И сразу улетал. Или тут же возвращался. Или лишний раз ехал обслужить любимый «мерс», потому что обожал его за органику линий и доведёнку форм. Или возникал новый аспирант, и Алабин брал его и честно вёл, попутно втыкая за проявленный тут и там бездарный подход к делу, которое тот сам себе выбрал. Или благосклонно кивал, соглашаясь с выводами, если парень или девчонка неожиданно оказывались толковыми, въедливыми и нормально въезжали в тему.

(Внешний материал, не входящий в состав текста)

Lemma quot_liftE x : quot_lift kerf (quot_pi x) = f x.
Proof.
apply/eqP; rewrite -subr_eq0 -rmorphB; apply/eqP/kerf/quot_pi_eq.
exact: quot_piK.
Qed.

Lemma quot_lift_zmod : zmod_morphism (quot_lift kerf).
Proof.
by move=> u v; rewrite -(quot_piK u) -(quot_piK v) -rmorphB !quot_liftE rmorphB.
Qed.

Lemma quot_lift_monoid : monoid_morphism (quot_lift kerf).
Proof.
split=> [|u v]; first by rewrite -(rmorph1 quot_pi) quot_liftE rmorph1.
by rewrite -(quot_piK u) -(quot_piK v) -rmorphM !quot_liftE rmorphM.
Qed.

HB.instance Definition _ :=
  GRing.isZmodMorphism.Build quot T (quot_lift kerf) quot_lift_zmod.
HB.instance Definition _ :=
  GRing.isMonoidMorphism.Build quot T (quot_lift kerf) quot_lift_monoid.

End QuotLift.
End IdealQuotient.

Section RestrictScalars.
Variables (A B : comNzRingType).

Definition restrict_scalars of {rmorphism A -> B} : Type := B.

Variable f : {rmorphism A -> B}.

HB.instance Definition _ := GRing.Zmodule.on (restrict_scalars f).

Definition restrict_scale (a : A) (b : restrict_scalars f) : restrict_scalars f :=
  (f a * b : B).

Lemma restrict_scaleA a b v :
  restrict_scale a (restrict_scale b v) = restrict_scale (a * b) v.
Proof. by rewrite /restrict_scale rmorphM mulrA. Qed.

Lemma restrict_scale1 : left_id 1 restrict_scale.
Proof. by move=> v; rewrite /restrict_scale rmorph1 mul1r. Qed.

Lemma restrict_scaleDr : right_distributive restrict_scale +%R.
Proof. by move=> a u v; rewrite /restrict_scale mulrDr. Qed.

Lemma restrict_scaleDl v : {morph restrict_scale^~ v : a b / a + b}.
Proof. by move=> a b; rewrite /restrict_scale rmorphD mulrDl. Qed.

HB.instance Definition _ := GRing.Zmodule_isLmodule.Build A (restrict_scalars f)
  restrict_scaleA restrict_scale1 restrict_scaleDr restrict_scaleDl.

Lemma restrict_scalarsZ a (b : restrict_scalars f) : a *: b = (f a * b : B).
Proof. by []. Qed.

End RestrictScalars.

Section InjectiveModules.
Variable S : comNzRingType.

Section ScalarMaps.
Variable x : S.

Definition mulr_lin : S^o -> S^o := fun t => x * t.

Lemma mulr_lin_is_linear : linear mulr_lin.
Proof. by move=> a u v; rewrite /mulr_lin /GRing.scale /= mulrDr mulrCA. Qed.

HB.instance Definition _ :=
  GRing.isLinear.Build S S^o S^o *:%R mulr_lin mulr_lin_is_linear.

Variables (E : lmodType S) (e : E).

Definition scalev_lin : S^o -> E := fun t => t *: e.

Lemma scalev_lin_is_linear : linear scalev_lin.
Proof. by move=> a u v; rewrite /scalev_lin scalerDl scalerA. Qed.

HB.instance Definition _ :=
  GRing.isLinear.Build S S^o E *:%R scalev_lin scalev_lin_is_linear.

End ScalarMaps.

Lemma injective_divisible (E : lmodType S) (x : S) :
  injective_module E -> GRing.lreg x -> forall e : E, exists e', e = x *: e'.
Proof.
move=> injE regx e; have [h he] := injE _ _ (mulr_lin x) (scalev_lin e) regx.
exists (h 1); rewrite -linearZZ.
by transitivity (scalev_lin e 1); rewrite ?he // /scalev_lin scale1r.
Qed.

Lemma image_divisible (E M : lmodType S) (p : {linear E -> M}) (x : S) :
  injective_module E -> (forall m, exists e, p e = m) ->
  GRing.lreg x -> forall m : M, exists m', m = x *: m'.
Proof.
move=> injE psurj regx m; have [e <-] := psurj m.
by have [e' ->] := injective_divisible injE regx e; exists (p e'); rewrite linearZZ.
Qed.

(* [S] is free on [1]: sending [1] to a preimage of [1] splits [p]. *)
Lemma self_injective_of_image (E : lmodType S) (p : {linear E -> S^o}) :
  injective_module E -> (forall m, exists e, p e = m) -> self_injective S.
Proof.
move=> injE psurj A B f g finj; have [e pe] := psurj 1.
have [h hf] := injE A B f (scalev_lin e \o g) finj.
exists (p \o h) => a /=; rewrite hf /= /scalev_lin linearZZ pe.
by rewrite /GRing.scale /= mulr1.
Qed.

End InjectiveModules.

Section FreeModules.
Variables (S : comNzRingType) (n : nat).

Section Coordinates.
Variables (A : lmodType S) (g : {linear A -> 'rV[S]_n}) (j : 'I_n).

Definition coord_lin : A -> S^o := fun a => g a 0 j.

Lemma coord_lin_is_linear : linear coord_lin.
Proof. by move=> a u v; rewrite /coord_lin linearP !mxE. Qed.

HB.instance Definition _ :=
  GRing.isLinear.Build S A S^o *:%R coord_lin coord_lin_is_linear.

End Coordinates.

Section RowOfLinear.
Variables (B : lmodType S) (hs : 'I_n -> {linear B -> S^o}).

Definition row_lin : B -> 'rV[S]_n := fun b => \row_j hs j b.

Lemma row_lin_is_linear : linear row_lin.
Proof. by move=> a u v; apply/rowP => j; rewrite /row_lin !mxE linearP. Qed.

HB.instance Definition _ :=
  GRing.isLinear.Build S B 'rV[S]_n *:%R row_lin row_lin_is_linear.

End RowOfLinear.

Section Combination.
Variables (M : lmodType S) (xs : nat -> M).

Definition comb_lin : 'rV[S]_n -> M := fun v => \sum_(j < n) v 0 j *: xs j.

Lemma comb_lin_is_linear : linear comb_lin.
Proof.
move=> a u v; rewrite /comb_lin scaler_sumr -big_split /=; apply: eq_bigr => j _.
by rewrite !mxE scalerDl scalerA.
Qed.

HB.instance Definition _ :=
  GRing.isLinear.Build S 'rV[S]_n M *:%R comb_lin comb_lin_is_linear.

End Combination.

Lemma injective_rV : self_injective S -> injective_module 'rV[S]_n.
Proof.
move=> injS A B f g finj.
have ext j : exists h : {linear B -> S^o}, forall a, h (f a) = coord_lin g j a.
  exact: injS.
pose hs j := sval (cid (ext j)).
have hsP j a : hs j (f a) = coord_lin g j a by rewrite /hs; case: cid.
by exists (row_lin hs) => a; apply/rowP => j; rewrite mxE hsP.
Qed.

End FreeModules.

Section FiniteGeneration.
Variables (S : comNzRingType) (M : lmodType S).

Definition prefix_span (xs : nat -> M) (i : nat) : set M :=
  [set y | exists c : nat -> S, y = \sum_(j < i) c j *: xs j].

Lemma prefix_span_submodule xs i : is_submodule (prefix_span xs i).
Proof.
split.
- by exists (fun _ => 0); rewrite big1 // => j _; rewrite scale0r.
- move=> _ _ [c ->] [d ->]; exists (fun j => c j + d j).
  by rewrite -big_split /=; apply: eq_bigr => j _; rewrite scalerDl.
- move=> a _ [c ->]; exists (fun j => a * c j).
  by rewrite scaler_sumr; apply: eq_bigr => j _; rewrite scalerA.
Qed.

Lemma prefix_spanS xs i : prefix_span xs i `<=` prefix_span xs i.+1.
Proof.
move=> _ [c ->]; exists (fun j => if j == i then 0 else c j).
rewrite big_ord_recr /= eqxx scale0r addr0; apply: eq_bigr => j _.
by rewrite ifN // neq_ltn ltn_ord.
Qed.

Lemma prefix_span_last xs i : prefix_span xs i.+1 (xs i).
Proof.
exists (fun j => if j == i then 1 else 0).
rewrite big_ord_recr /= eqxx scale1r big1 ?add0r // => j _.
by rewrite ifN ?scale0r // neq_ltn ltn_ord.
Qed.

Lemma eq_prefix_span xs ys i : (forall j, (j < i)%N -> xs j = ys j) ->
  prefix_span xs i = prefix_span ys i.
Proof.
move=> eq_xy; have eq_sum c : \sum_(j < i) c j *: xs j = \sum_(j < i) c j *: ys j.
  by apply: eq_bigr => j _; rewrite eq_xy.
by apply/seteqP; split=> _ [c ->]; exists c; rewrite eq_sum.
Qed.

(* Unless [M] is finitely generated, spanning one new element at a time
   yields arbitrarily long strict chains of submodules. *)
Lemma finite_length_fg : finite_length M -> exists i xs, forall m, prefix_span xs i m.
Proof.
move=> [n bounded]; apply: contrapT => not_fg.
suff [xs xsP] : exists xs, forall j, (j < n.+1)%N ->
    strict_subset (prefix_span xs j) (prefix_span xs j.+1).
  have := bounded n.+1 (prefix_span xs) (fun i _ => prefix_span_submodule xs i) xsP.
  by rewrite ltnn.
elim: n.+1 => [|i [xs xsP]]; first by exists (fun _ => 0).
have [m span_m] : exists m, ~ prefix_span xs i m.
  apply: contrapT => all_span; apply: not_fg; exists i, xs => m.
  by apply: contrapT => span_m; apply: all_span; exists m.
pose ys j := if j == i then m else xs j.
have span_ys j : (j <= i)%N -> prefix_span ys j = prefix_span xs j.
  move=> le_ji; apply: eq_prefix_span => k lt_kj.
  by rewrite /ys ifN // ltn_eqF // (leq_trans lt_kj).
exists ys => j; rewrite ltnS leq_eqVlt => /predU1P[->|lt_ji].
  rewrite span_ys //; split; first by rewrite -span_ys //; apply: prefix_spanS.
  by exists m; split=> //; have := prefix_span_last ys i; rewrite /ys eqxx.
by rewrite !span_ys ?(ltnW lt_ji) //; apply: xsP.
Qed.
(* Let $\mathcal N=\mathcal N(x)$ be a nowhere vanishing function on $S$ (lifted to $T^*S$). Then $\mathcal N$ is a conformal factor for the almost symplectic form $\Omega+\sigma+\rho^*\mathbf f$ on $T^*S$ (i.e. $d(\mathcal N(\Omega+\sigma+\rho^*\mathbf f))=0$) if and only if $\mathcal N$ is a conformal factor for the almost symplectic form $\Omega+\sigma$ (i.e. $d(\mathcal N(\Omega+\sigma))=0$) and the two-form $\mathbf f^*=\mathcal N\mathbf f$ on $S$ is closed.
   Context: Setting: $S$ ($\dim S=n$) is the base of a gyroscopic $G$–Chaplygin system: $G$ acts freely on $Q$, $\pi\colon Q\to S=Q/G$, $L=\frac12\mathbf G(\dot q,\dot q)-V$ with $G$-invariant $\mathbf G,V$, $\mathbf F$ a $G$-invariant two-form on $Q$, $\mathcal D$ a $G$-invariant distribution complementary to $\ker d\pi$. Reduced data on $S$: metric $\mathbf g(X,Y)=\mathbf G(X^h,Y^h)$, two-form $\mathbf f(X,Y)=\mathbf F(X^h,Y^h)$ ($X^h\in\mathcal D$ horizontal lift), $\Sigma(X,Y,Z)=\mathbf G(X^h,B(Y^h,Z^h))$ where $B(X,Y)=-A([X^h,Y^h])$ is the curvature of $\mathcal D$, and the skew $(1,2)$-tensor $\mathbf C$ with $\Sigma(X,Y,Z)=\mathbf g(X,\mathbf C(Y,Z))$, locally $\mathbf C(\partial_i,\partial_j)=\sum_kC^k_{ij}\partial_k$. On $T^*S$ with canonical coordinates $(x,p)$: $\Omega=\sum_idp_i\wedge dx_i$, $\sigma=\sum_{1\le i<j\le n}\sum_kC^k_{ij}(x)p_k\,dx_i\wedge dx_j$, and $\rho\colon T^*S\to S$ is the projection. An almost symplectic form is a nondegenerate (not necessarily closed) two-form. *)

From HB Require Import structures.
From mathcomp Require Import all_boot all_order all_algebra.
From mathcomp Require Import all_classical all_reals all_analysis.
Set Implicit Arguments. Unset Strict Implicit. Unset Printing Implicit Defensive.
Import Order.TTheory GRing.Theory Num.Theory.
Import numFieldNormedType.Exports.
Local Open Scope classical_set_scope.
Local Open Scope ring_scope.

Section Defs.
Variable R : realType.

Fixpoint iterD (m : nat) (vs : seq 'rV[R]_m) (f : 'rV[R]_m -> R) : 'rV[R]_m -> R :=
  match vs with
  | [::] => f
  | v :: vs' => fun x => 'D_v (iterD vs' f) x
  end.

Definition smooth_on (m : nat) (U : set 'rV[R]_m) (f : 'rV[R]_m -> R) : Prop :=
  forall (vs : seq 'rV[R]_m) (x : 'rV[R]_m), U x -> differentiable (iterD vs f) x.

Definition partial (m : nat) (f : 'rV[R]_m -> R) (a : 'I_m) (x : 'rV[R]_m) : R :=
  'D_(delta_mx 0 a) f x.

(* A two-form on an open set of R^m is given by its components
   om a b = om(d/dy_a, d/dy_b), i.e. om = sum_{a<b} om a b dy_a /\ dy_b. *)
Definition form2 (m : nat) := 'I_m -> 'I_m -> 'rV[R]_m -> R.

Definition d2 (m : nat) (om : form2 m) (a b c : 'I_m) (x : 'rV[R]_m) : R :=
  partial (om b c) a x + partial (om c a) b x + partial (om a b) c x.

Definition closed2 (m : nat) (W : set 'rV[R]_m) (om : form2 m) : Prop :=
  forall x, W x -> forall a b c, d2 om a b c x = 0.

Definition add2 (m : nat) (om1 om2 : form2 m) : form2 m :=
  fun a b x => om1 a b x + om2 a b x.

Definition scale2 (m : nat) (N : 'rV[R]_m -> R) (om : form2 m) : form2 m :=
  fun a b x => N x * om a b x.

(* T^*U with canonical coordinates y = (x, p) in R^(n+n): x = lsubmx y, p = rsubmx y *)
Definition xpart (n : nat) (y : 'rV[R]_(n + n)) : 'rV[R]_n := lsubmx y.
Definition ppart (n : nat) (y : 'rV[R]_(n + n)) : 'rV[R]_n := rsubmx y.

(* Omega = sum_i dp_i /\ dx_i *)
Definition Omega (n : nat) : form2 (n + n) :=
  fun a b _ => match fintype.split a, fintype.split b with
             | inr i, inl j => (i == j)%:R
             | inl i, inr j => - (i == j)%:R
             | _, _ => 0
             end.

(* sigma = sum_{i<j} sum_k C^k_{ij}(x) p_k dx_i /\ dx_j, with C k i j = C^k_{ij} skew in i,j *)
Definition sigma (n : nat) (C : 'I_n -> 'I_n -> 'I_n -> 'rV[R]_n -> R) : form2 (n + n) :=
  fun a b y => match fintype.split a, fintype.split b with
             | inl i, inl j => \sum_(k < n) C k i j (xpart y) * ppart y 0 k
             | _, _ => 0
             end.

(* pullback rho^* f of a two-form f on U (f i j = f(d/dx_i, d/dx_j)) *)
Definition pullback (n : nat) (f : form2 n) : form2 (n + n) :=
  fun a b y => match fintype.split a, fintype.split b with
             | inl i, inl j => f i j (xpart y)
             | _, _ => 0
             end.

Definition liftS (n : nat) (N : 'rV[R]_n -> R) : 'rV[R]_(n + n) -> R :=
  fun y => N (xpart y).

Definition conformal_factor (m : nat) (W : set 'rV[R]_m) (N : 'rV[R]_m -> R)
  (om : form2 m) : Prop := closed2 W (scale2 N om).

End Defs.

From HB Require Import structures.
From mathcomp Require Import all_boot all_order all_algebra.
From mathcomp Require Import all_classical all_reals all_analysis.
From mathcomp Require Import ring.
Import Order.TTheory GRing.Theory Num.Theory.
Import numFieldNormedType.Exports.
Local Open Scope classical_set_scope.
Local Open Scope ring_scope.

(* Since N depends on x only, N rho^* f is the pullback of N f, so
   d(N(Omega + sigma + rho^* f)) = d(N(Omega + sigma)) + rho^* d(N f).  The
   second term has only dx dx dx components, and those of the first vanish on
   the zero section p = 0, where sigma vanishes identically; evaluating there
   splits the closedness of the sum into that of its two terms. *)

Set Implicit Arguments.
Unset Strict Implicit.
Unset Printing Implicit Defensive.

Section DirectionalDerivatives.
Variable R : realType.

Lemma derive_line_ext m m' (g : 'rV[R]_m -> R) (g' : 'rV[R]_m' -> R) a v a' v' :
  (forall h : R, g (h *: v + a) = g' (h *: v' + a')) ->
  'D_v g a = 'D_v' g' a' /\ (derivable g a v <-> derivable g' a' v').
Proof.
move=> gg'.
have ga : g a = g' a' by have := gg' 0; rewrite !scale0r !add0r.
have quotients : (fun h : R => h^-1 *: ((g \o shift a) (h *: v) - g a)) =
                 (fun h : R => h^-1 *: ((g' \o shift a') (h *: v') - g' a')).
  by apply/funext => h /=; rewrite gg' ga.
by rewrite /derive /derivable quotients.
Qed.

Lemma derive_zero_on_line m (g : 'rV[R]_m -> R) a v :
  (forall h : R, g (h *: v + a) = 0) -> 'D_v g a = 0.
Proof.
by move=> g0; rewrite (derive_line_ext (g' := cst 0) (a' := a) (v' := v) g0).1 derive_cst.
Qed.

Lemma derivable_scale2 m (N : 'rV[R]_m -> R) (om : form2 R m) a b x v :
  derivable N x v -> derivable (om a b) x v -> derivable (scale2 N om a b) x v.
Proof. by have -> : scale2 N om a b = N * om a b by []; exact: derivableM. Qed.

Lemma derivable_add2 m (om1 om2 : form2 R m) a b x v :
  derivable (om1 a b) x v -> derivable (om2 a b) x v -> derivable (add2 om1 om2 a b) x v.
Proof. by have -> : add2 om1 om2 a b = om1 a b + om2 a b by []; exact: derivableD. Qed.

Lemma scale2_add2 m (N : 'rV[R]_m -> R) (om1 om2 : form2 R m) :
  scale2 N (add2 om1 om2) = add2 (scale2 N om1) (scale2 N om2).
Proof. by apply/funext => a; apply/funext => b; apply/funext => x; exact: mulrDr. Qed.

Lemma d2_add2 m (om1 om2 : form2 R m) a b c x :
  (forall a b v, derivable (om1 a b) x v) -> (forall a b v, derivable (om2 a b) x v) ->
  d2 (add2 om1 om2) a b c x = d2 om1 a b c x + d2 om2 a b c x.
Proof.
move=> d1 d2'; rewrite /d2 /partial.
have deriveD2 u v w : 'D_(delta_mx 0 u) (add2 om1 om2 v w) x =
    'D_(delta_mx 0 u) (om1 v w) x + 'D_(delta_mx 0 u) (om2 v w) x.
  by rewrite -deriveD.
by rewrite !deriveD2; ring.
Qed.

End DirectionalDerivatives.

Section CotangentCoordinates.
Variables (R : realType) (n : nat).
Implicit Types (y v : 'rV[R]_(n + n)) (g : 'rV[R]_n -> R)
  (C : 'I_n -> 'I_n -> 'I_n -> 'rV[R]_n -> R).

Lemma xpart_line (h : R) v y : xpart (h *: v + y) = h *: xpart v + xpart y.
Proof. by rewrite /xpart linearD linearZ. Qed.

Lemma xpart_row_mx0 (x : 'rV[R]_n) : xpart (row_mx x 0) = x.
Proof. exact: row_mxKl. Qed.

Lemma ppart_row_mx0 (x : 'rV[R]_n) : ppart (row_mx x 0) = 0.
Proof. exact: row_mxKr. Qed.

Lemma xpart_delta_lshift (i : 'I_n) :
  xpart (delta_mx 0 (lshift n i) : 'rV[R]_(n + n)) = delta_mx 0 i.
Proof. by apply/matrixP => a b; rewrite !mxE eq_lshift. Qed.

Lemma xpart_delta_rshift (i : 'I_n) :
  xpart (delta_mx 0 (rshift n i) : 'rV[R]_(n + n)) = 0.
Proof. by apply/matrixP => a b; rewrite !mxE eq_lrshift andbF. Qed.

Lemma row_mx0_line_lshift (h : R) (i : 'I_n) (x : 'rV[R]_n) :
  h *: delta_mx 0 (lshift n i) + row_mx x 0 = row_mx (h *: delta_mx 0 i + x) 0.
Proof.
apply/matrixP => a b; rewrite !mxE; case: (fintype.split b) (splitK b) => j <-.
  by rewrite /= eq_lshift !mxE.
by rewrite /= [rshift _ _ == _]eq_sym eq_lrshift andbF mulr0 add0r.
Qed.

Lemma derive_liftS g y v : 'D_v (liftS g) y = 'D_(xpart v) g (xpart y).
Proof. by apply: (derive_line_ext _).1 => h; rewrite /liftS xpart_line. Qed.

Lemma derivable_liftS g y v :
  differentiable g (xpart y) -> derivable (liftS g) y v.
Proof.
have along_lines (h : R) : liftS g (h *: v + y) = g (h *: xpart v + xpart y).
  by rewrite /liftS xpart_line.
by move=> dg; apply/(derive_line_ext along_lines).2; exact: diff_derivable.
Qed.

Lemma derivable_ppart (k : 'I_n) y v : derivable (fun y => ppart y 0 k) y v.
Proof.
have -> : (fun y => ppart y 0 k) = (fun y => y 0 (rshift n k)).
  by apply/funext => z; rewrite /ppart mxE.
exact/diff_derivable/differentiable_coord.
Qed.

Lemma partial_pullback (g : form2 R n) a b c y :
  partial (pullback g b c) a y =
  match fintype.split a, fintype.split b, fintype.split c with
  | inl i, inl j, inl k => partial (g j k) i (xpart y)
  | _, _, _ => 0
  end.
Proof.
rewrite /partial /pullback.
case: (fintype.split b) => j; case: (fintype.split c) => k;
  try by case: (fintype.split a) => i; exact: derive_cst.
rewrite (derive_liftS (g j k)).
case: (fintype.split a) (splitK a) => i <- /=.
  by rewrite xpart_delta_lshift.
by rewrite xpart_delta_rshift derive0.
Qed.

Lemma d2_pullback (g : form2 R n) a b c y :
  d2 (pullback g) a b c y =
  match fintype.split a, fintype.split b, fintype.split c with
  | inl i, inl j, inl k => d2 g i j k (xpart y)
  | _, _, _ => 0
  end.
Proof.
rewrite /d2 !partial_pullback.
by case: (fintype.split a) => i; case: (fintype.split b) => j;
  case: (fintype.split c) => k; rewrite ?addr0.
Qed.

Lemma closed2_pullback (U : set 'rV[R]_n) (g : form2 R n) :
  closed2 U g -> closed2 (@xpart R n @^-1` U) (pullback g).
Proof.
move=> cg y Uy a b c; rewrite d2_pullback.
by case: (fintype.split a) => i; case: (fintype.split b) => j;
  case: (fintype.split c) => k //; exact: cg.
Qed.

Lemma scale2_pullback (N : 'rV[R]_n -> R) (f : form2 R n) :
  scale2 (liftS N) (pullback f) = pullback (scale2 N f).
Proof.
apply/funext => a; apply/funext => b; apply/funext => y.
by rewrite /scale2 /pullback; case: (fintype.split a); case: (fintype.split b) => *; rewrite ?mulr0.
Qed.

Lemma derivable_pullback (g : form2 R n) a b y v :
  (forall i j, differentiable (g i j) (xpart y)) -> derivable (pullback g a b) y v.
Proof.
move=> dg; rewrite /pullback.
case: (fintype.split a) => i; case: (fintype.split b) => j;
  [exact: derivable_liftS | exact: derivable_cst..].
Qed.

Lemma derivable_Omega a b y v : derivable (@Omega R n a b) y v.
Proof. exact: derivable_cst. Qed.

Lemma derivable_sigma C a b y v :
  (forall k i j, differentiable (C k i j) (xpart y)) -> derivable (sigma C a b) y v.
Proof.
move=> dC; rewrite /sigma.
case: (fintype.split a) => i; case: (fintype.split b) => j; [|exact: derivable_cst..].
have -> : (fun y => \sum_(k < n) C k i j (xpart y) * ppart y 0 k) =
          \sum_(k < n) (liftS (C k i j) * (fun y => ppart y 0 k)).
  by apply/funext => z; rewrite fct_sumE.
apply: derivable_sum => k; apply: derivableM; last exact: derivable_ppart.
exact: derivable_liftS.
Qed.

Lemma sigma_row_mx0 C a b (x : 'rV[R]_n) :
  sigma C a b (row_mx x 0) = 0.
Proof.
rewrite /sigma ppart_row_mx0.
case: (fintype.split a) => i; case: (fintype.split b) => j //.
by rewrite big1 // => k _; rewrite mxE mulr0.
Qed.

Lemma d2_scale2_Omega_sigma_row_mx0 (N : 'rV[R]_n -> R) C (i j k : 'I_n) (x : 'rV[R]_n) :
  d2 (scale2 (liftS N) (add2 (@Omega R n) (sigma C)))
     (lshift n i) (lshift n j) (lshift n k) (row_mx x 0) = 0.
Proof.
have vanish (i' j' k' : 'I_n) : partial (scale2 (liftS N) (add2 (@Omega R n) (sigma C))
                      (lshift n j') (lshift n k')) (lshift n i') (row_mx x 0) = 0.
  apply: derive_zero_on_line => h.
  rewrite row_mx0_line_lshift /scale2 /add2 sigma_row_mx0 /Omega.
  by rewrite !(unsplitK (inl _ _)) addr0 mulr0.
by rewrite /d2 !vanish !addr0.
Qed.

Lemma d2_scale2_add2_pullback (N : 'rV[R]_n -> R) (om : form2 R (n + n))
    (f : form2 R n) a b c y :
  differentiable N (xpart y) -> (forall i j, differentiable (f i j) (xpart y)) ->
  (forall a b v, derivable (scale2 (liftS N) om a b) y v) ->
  d2 (scale2 (liftS N) (add2 om (pullback f))) a b c y =
  d2 (scale2 (liftS N) om) a b c y + d2 (pullback (scale2 N f)) a b c y.
Proof.
move=> dN df dom; rewrite scale2_add2 scale2_pullback d2_add2 // => a' b' v.
by apply: derivable_pullback => i j; apply: differentiableM.
Qed.

End CotangentCoordinates.

Theorem proposition5p3 (R : realType) (n : nat) (U : set 'rV[R]_n)
  (C : 'I_n -> 'I_n -> 'I_n -> 'rV[R]_n -> R) (f : form2 R n)
  (N : 'rV[R]_n -> R) :
  open U ->
  (forall k i j, smooth_on U (C k i j)) ->
  (forall k i j x, U x -> C k i j x = - C k j i x) ->
  (forall i j, smooth_on U (f i j)) ->
  (forall i j x, U x -> f i j x = - f j i x) ->
  smooth_on U N ->
  (forall x, U x -> N x != 0) ->
  let W := (@xpart R n) @^-1` U in
  conformal_factor W (liftS N) (add2 (add2 (@Omega R n) (sigma C)) (pullback f)) <->
  (conformal_factor W (liftS N) (add2 (@Omega R n) (sigma C)) /\
   closed2 U (scale2 N f)).
Proof.
move=> _ sC _ sf _ sN _ W.
have split_d2 y : W y -> forall a b c,
    d2 (scale2 (liftS N) (add2 (add2 (@Omega R n) (sigma C)) (pullback f))) a b c y =
    d2 (scale2 (liftS N) (add2 (@Omega R n) (sigma C))) a b c y +
    d2 (pullback (scale2 N f)) a b c y.
  move=> Wy a b c.
  have diff g : smooth_on U g -> differentiable g (xpart y) := fun sg => sg [::] _ Wy.
  apply: d2_scale2_add2_pullback => [||a' b' v]; [exact: diff | by move=> *; exact: diff|].
  apply: derivable_scale2; first exact/derivable_liftS/diff.
  apply: derivable_add2; first exact: derivable_Omega.
  by apply: derivable_sigma => *; exact: diff.
split=> [closed_sum | [closed_A closed_Nf] y Wy a b c]; last first.
  by rewrite split_d2 // closed_A // (closed2_pullback closed_Nf) // addr0.
have closed_Nf : closed2 U (scale2 N f).
  move=> x Ux i j k.
  have W0 : W (row_mx x 0) by rewrite /W /preimage /= xpart_row_mx0.
  have := closed_sum _ W0 (lshift n i) (lshift n j) (lshift n k).
  rewrite split_d2 // d2_scale2_Omega_sigma_row_mx0 add0r d2_pullback.
  by rewrite !(unsplitK (inl _ _)) xpart_row_mx0.
split=> // y Wy a b c; have := closed_sum y Wy a b c.
by rewrite split_d2 // (closed2_pullback closed_Nf) // addr0.
Qed.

Но в большинстве своём они ему нравились. Одни — тем, что ни хрена не понимали в предмете собственной диссертации, так и не научившись чувствовать художника с ходу, сразу же распознавать того по манере письма, ощущать дух его, полёт, высокую задумку и смысл художественного высказывания. Эти были нужны, чтобы испечь пирожок маленькой аккуратной нелюбви, если не целой ненависти, в которой он время от времени испытывал насущную потребность. Знал — это приобретённое, это не пришло к нему с кровью матери или с семенем его ни в чем не повинного отца. Чувство это, верней, потребность найти и оттолкнуть создавалась медленно, складываясь по крохам. Крохи же, застревая где-то там внутри, то ли у кишок, то ли цепляясь острыми краями за желчные протоки или, наоборот, помещаясь ближе к сердцу, натурально царапали за живое. Но не больно. Скорее просительно, зовуще, маняще. А когда отталкивал, становилось заметно приятней, будто славно откушал, да с хорошим вискарём. И никуда после не надо спешить.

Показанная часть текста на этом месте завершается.